Sometimes, context is everything. It’s how you understand the meaning of a given word, right? When I was a kid, we played a game where the words “coffee pot” were substituted for two versions of a homonym, and you had to guess what the words were. So my mom would say, “I coffee pot the ball” and “I drove coffee pot the tunnel” and I had to guess the words “threw” and through”.
And sometimes it’s how you recognize people. Bear with me, here.
My office is very private. It’s pretty separate from the house; it’s downstairs, behind the garage, with its own door to a private patio. The patio is accessible only by a gate to the front yard and stairs up to the main deck and yard, which I can see from both my desk and the sofa where I sit to “read”. No one ever comes in unless I invite them. Even my husband checks the phone line to see if I’m busy before he comes down, and he comes from the inside; there’s never anyone except the cable guy or the phone guy on the patio, and that’s because I’ve called them. When I work, the only other creature there, besides me, is my cat, Creature. That is, my office is very private, and very safe -- which is important, because I need to be completely secure in the outer world so that I can focus on the inner world for/with my clients.
Last Wednesday morning, I was in my office, doing a reading/NLP session for a client. I had my eyes closed, paying close attention to the inner landscape, and was therefore not particularly aware of what was going on in my office. All was well. We had gotten to a place where my client was touching one of his big issues, which, frankly, he would rather have avoided. (This is how many issues get to be big issues — when they’re little issues, we avoid them because it’s easier or more comfortable to avoid them than to deal with them. That lets them grow unchecked, attracting other experiences like the one that caused the issue in the first place. But I digress.)
BAM! BAM! BAM! BAM! BAM! Went the back of the patio door.

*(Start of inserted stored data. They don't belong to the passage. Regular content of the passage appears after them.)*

Lemma optimal_sign_consistent_on z i j :
  l1_optimal (selmx R M) (selmx R M *m z) z -> gap M i j -> sign_consistent_on z i j.
Proof.
move=> opt g; have /gapP[_ /samples_lt jn _ _] := g.
case: (pickP (fun m : 'I_n => (i < m < j)%N && (s2 z m != 0))) => [m /andP[imj sm] | flat].
  left=> k h ikj ihj ik ih sk sh; apply/eqP; apply: contraT => skh; exfalso.
  have [x [ixj ix sx sxm]] : exists x, [/\ (i <= x <= j)%N, interior n x,
      s2 z x != 0 & s2 z x != s2 z m].
    case: (eqVneq (s2 z k) (s2 z m)) => [skm|]; last by exists k.
    by exists h; split=> //; rewrite -skm eq_sym.
  exact: gap_sign_change_not_optimal g imj ixj ix sm sx sxm opt.
right=> k ikj; have kn : (k < n)%N by lia.
by have := flat (Ordinal kn); rewrite /= ikj /= => /negbFE/eqP.
Qed.

End SignConsistency.

Section DualCertificate.
Variables (R : realFieldType) (n : nat) (M : {set 'I_n}) (z z' : 'cV[R]_n) (W : nat -> R).
Hypothesis W_out : forall k, ~~ interior n k -> W k = 0.
Hypothesis W_le1 : forall k, `|W k| <= 1.
Hypothesis W_sg : forall k, interior n k -> W k * delta2 (zat z) k = `|delta2 (zat z) k|.
Hypothesis W_free : forall m, (m < n)%N -> m \notin samples M -> delta2 W m = 0.
Hypothesis agree : forall i, i \in M -> z' i 0 = z i 0.

Lemma dual_certificate_le : l1norm (diff2 R n *m z) <= l1norm (diff2 R n *m z').
Proof.
rewrite !l1norm_diff2; pose v k := zat z k - zat z' k.
have [W0 W1 W2] : [/\ W 0 = 0, W (n - 2).+1 = 0 & W (n - 2).+2 = 0].
  by split; apply: W_out; rewrite /interior; lia.
have orth : \sum_(0 <= r < n - 2) W r.+1 * delta2 v r.+1 = 0.
  rewrite (sum_mul_delta2 _ W0 W1 W2); apply: big1 => k _.
  have [kn|nk] := ltnP k n; last by rewrite /v !zat_out // subrr mul0r.
  case Sk : (k \in samples M); last by rewrite W_free ?Sk // mulr0.
  by case/samplesP: Sk => i Mi <-; rewrite /v !zatE agree // subrr mul0r.
have -> : \sum_(0 <= r < n - 2) `|delta2 (zat z) r.+1| =
    \sum_(0 <= r < n - 2) W r.+1 * delta2 (zat z') r.+1
    + \sum_(0 <= r < n - 2) W r.+1 * delta2 v r.+1.
  rewrite -big_split big_seq [RHS]big_seq; apply: eq_bigr => r.
  rewrite mem_index_iota => rn; rewrite -W_sg /interior; last by lia.
  by rewrite /delta2 /v /=; ring.
rewrite orth addr0 ler_sum // => r _.
by rewrite (le_trans (ler_norm _)) // normrM ler_piMl.
Qed.

End DualCertificate.

Section Certificate.
Variables (R : realFieldType) (n : nat) (M : {set 'I_n}) (z : 'cV[R]_n).
Hypothesis twinM : twin_union M.
Local Notation samples := (samples M).
Local Notation long_gap := (long_gap M).

Definition gap_sign (i j : nat) : option 'I_n :=
  [pick k : 'I_n | (i < k < j)%N && (s2 z k != 0)].

Definition gap_cert (i j k : nat) : R :=
  if gap_sign i j is Some m then s2 z m else interp i j (s2 z i) (s2 z j) k.

Definition long_gap_around (k : nat) : pred ('I_n * 'I_n) :=
  fun p => long_gap p.1 p.2 && (p.1 <= k <= p.2)%N.

Definition cert (k : nat) : R :=
  if ~~ interior n k then 0
  else if pick (long_gap_around k) is Some p then gap_cert p.1 p.2 k else s2 z k.

Lemma gap_cert_le1 i j k : (i < j)%N -> (i <= k <= j)%N -> `|gap_cert i j k| <= 1.
Proof.
by rewrite /gap_cert; case: gap_sign => [m|] *; rewrite ?interp_norm_le1 ?normr_sg_le1.
Qed.

Lemma gap_cert_delta2 i j k : (i < k)%N -> delta2 (gap_cert i j) k = 0.
Proof.
rewrite /delta2 /gap_cert; case: gap_sign => [m _|ik]; first by ring.
exact: (interp_delta2 _ _ _ ik).
Qed.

Oh, my God! I practically screamed into the telephone, and then apologized to my client for blistering his ear as I rushed to the back door. There was a man standing there! And all the possibilities of who this could be flashed through my mind (PG&E? PacBell? The cable company? But I haven’t called any of them. A new neighbor? But why would a new neighbor come to this obscure, protected door?)
“Who are you?”, I asked the stranger.
“Steve”, he answered, with a slightly shocked look, as if to say, “you idiot!” — and immediately his very ordinary features morphed into the unique ones of one of my best friends from decades ago, as if all my experience of him suddenly populated his face. (Actually, we’ve known each other since we were teenagers and have stayed in touch all these years. No, I haven’t seen him in 5 years, but he really doesn’t look different from how he looked then.) It’s just that I talked to him the evening before, on his home phone, in NC, to say “thank you” for the birthday present he sent, so I “knew” he was home in NC. Since I didn’t expect him, I didn’t “see” him. I explained that I was really “out there” from doing the reading, and he readily forgave me.
How do you prevent this from happening? How do you ensure you recognize someone? I’m not 100% sure you can, but I have a couple of ideas.
The first one comes from my late father, who was a doctor in a small town in NJ, with a huge practice which spanned the state. Almost everywhere we went, someone would say, “Hi, Doc!” and he’d look momentarily blank, and then greet whomever by their name, and ask them something relevant to their lives. Once I asked him about that blank look, and how he remembered everyone, and here’s what he said: “When someone says, “Hi, Doc!, I know it’s someone from my practice, so I “see” them in the office — and then I know just who they are, their name, what they do for a living, kids names, all that stuff.”
So the first trick is to widen the visual frame of your memory, to see someone in the context in which you met.
The second trick is from “memory experts” who tell us to envision someone’s name stamped across his or her forehead.
Put the two together, so you see the person’s name, stamped on his or her forehead, in the context in which you know each other, and you’ll be all set!